I believe this is a pretty hard one.

The idea is to use merge sort (toke me a bit of time to prove it’s O(n log n) and quite some time to debug…). Since recursion is also space-expensive, we use while loop to replace recursion.

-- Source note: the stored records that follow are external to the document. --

End BlockCollapse.
Arguments typeC_lift {R ns} ns_gt0 {beta}.

Theorem theorem2p7 (R : realFieldType) (ns : seq nat)
  (hpos : all (fun m => 0 < m)%N ns) :
  exists psi : 'M[R]_(size ns, sumn ns),
    [/\ row_free psi,
        (forall x : 'rV[R]_(sumn ns), @in_t R ns x <-> exists y : 'rV[R]_(size ns), x = y *m psi) &
        (forall beta : 'rV[R]_(size ns),
           beta \in @typeC_roots R (size ns) <->
           exists2 alpha, alpha \in @Pi_M R ns &
             forall y : 'rV[R]_(size ns), pair alpha (y *m psi) = pair beta y)].
Proof.
exists (blk_mx R ns); split; [exact: row_free_blk_mx | exact: in_t_blk_mx |].
move=> beta; split=> [/(typeC_lift hpos) [alpha Pi_M_alpha <-]|[alpha Pi_M_alpha restr]].
  by exists alpha => // y; rewrite pair_mulmxr.
have -> : beta = alpha *m (blk_mx R ns)^T by apply: pair_inj => y; rewrite -restr pair_mulmxr.
exact: Pi_M_restrict.
Qed.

Here’s the code… pretty long this time. And I think this code is a bit ugly. Don’t know how to beautify it yet.

class Solution {
public :
ListNode * sortList ( ListNode * head ) {
// IMPORTANT: Please reset any member data you declared, as
// the same Solution instance will be reused for each test case.
// IMPORTANT: Please reset any member data you declared, as
// the same Solution instance will be reused for each test case.
int cnt = 0 ;
ListNode * node = head ;
while ( node != NULL ){ cnt ++; node = node -> next ; }
int lvl = 1 ;
while ( lvl < cnt ){
node = head ; ListNode * prev = NULL ;
while ( node != NULL ){
ListNode * start = node ;
for ( int i = 0 ; i < lvl && node != NULL ; i ++)
node = node -> next ;
ListNode * middle = node , * tail = NULL ;
for ( int i = 0 ; i < lvl && node != NULL ; i ++)
node = node -> next ;
ListNode * nhead = merge ( start , middle , lvl , & tail );
if ( prev == NULL ) head = nhead ;
else prev -> next = nhead ;
prev = tail ;
}
if ( prev != NULL ) prev -> next = NULL ;
lvl <<= 1 ;
}
return head ;
}
ListNode * merge ( ListNode * l1 , ListNode * l2 , int lvl , ListNode ** tail ){
int c1 = 0 , c2 = 0 ;
if ( l1 == NULL || l2 == NULL ){ return l1 ; * tail = NULL ;}
ListNode * node = NULL ,* head = NULL ;
while (( c1 < lvl ) && ( l2 != NULL ) && ( c2 < lvl )){
ListNode * result ;
if ( l1 -> val < l2 -> val ){
result = l1 ; c1 ++; l1 = l1 -> next ;
} else {
result = l2 ; c2 ++; l2 = l2 -> next ;
}
if ( node != NULL ){
node -> next = result ;
} else {
head = result ;
}
node = result ;
}
while ( c1 < lvl ){
node -> next = l1 ; node = l1 ;
c1 ++; l1 = l1 -> next ;
}
while (( c2 < lvl ) && ( l2 != NULL )){
node -> next = l2 ; node = l2 ;
c2 ++; l2 = l2 -> next ;
}
* tail = node ;
return head ;
}
};